I would like to create Spark Structured Streaming job reading messages from Kafka source, writing to Kafka sink, which after failure will resume reading only current, newest messages. For that reason I don't need to keep checkpoints for my job.

But it looks like there is no option to disable checkpointing while writing to Kafka sink in Structured Streaming. To my understanding, even if I specify on the source:

.option("startingOffsets", "latest")

it will be taken into account only when the stream is first run, and after failure stream will resume from the checkpoint. Is there some workaround? And is there a way to disable checkpointing?

1
are you facing any issue if you add checkpoint location ? - Srinivas
I'm adding it - trying to skip it would result in an error. I'm using databricks and they implement hdfs (dbfs) on top of S3. There is a lot of traffic related to checkpointing process, generating unnecessary costs. Also, if I understand correctly the documentation, after failure my job would always restart from checkpoint rather than from newest/ current messages, but I didn't test it yet. I don't want it to start from the checkpoint. - andrew5891
I got it. will below solution works ?? I have given solution for hdfs .. may be you can convert as per databricks file system (dbfs) - Srinivas

1 Answers

0
votes

As workaround for this is to delete existing check point location from your code so that every time it will start fetching latest offset data.

import org.apache.hadoop.fs.{FileSystem, Path}

val checkPointLocation="/path/in/hdfs/location"
val fs = FileSystem.get(spark.sparkContext.hadoopConfiguration)

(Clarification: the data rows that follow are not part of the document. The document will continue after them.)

Theorem corollary1 (R : realType) (n N : nat) (s : 'I_N -> @Z R n)
  (rho : @vec R n) (sigma beta : R) :
  0 < phat s false -> 0 < phat s true ->
  rho != [tuple 0 | _ < n] ->
  0 <= beta ->
  fairness_projection beta s rho sigma =
  ((\sum_(i < N) lam s (s i).1.2 * (dotv rho (s i).1.1 + sigma)) ^+ 2
   / (N%:R * enorm rho ^+ 2 * \sum_(i < N) lam s (s i).1.2 ^+ 2))%:E.
Proof.
case: N s => [|M] s phat0_gt0 phat1_gt0 rho_neq0 beta_ge0.
  by move: phat0_gt0; rewrite /phat invr0 mul0r ltxx.
exact: fairness_projectionE.
Qed.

fs.delete(new Path(checkPointLocation),true) 
// Delete check point location if exist.

val options = Map(
    "kafka.bootstrap.servers"-> "localhost:9092",
    "topic" -> "topic_name",
    "checkpointLocation" -> checkPointLocation,
    "startingOffsets" -> "latest"
  )
df
  .writeStream
  .format("kafka")
  .outputMode("append")
  .options(options)
  .start()
  .awaitTermination()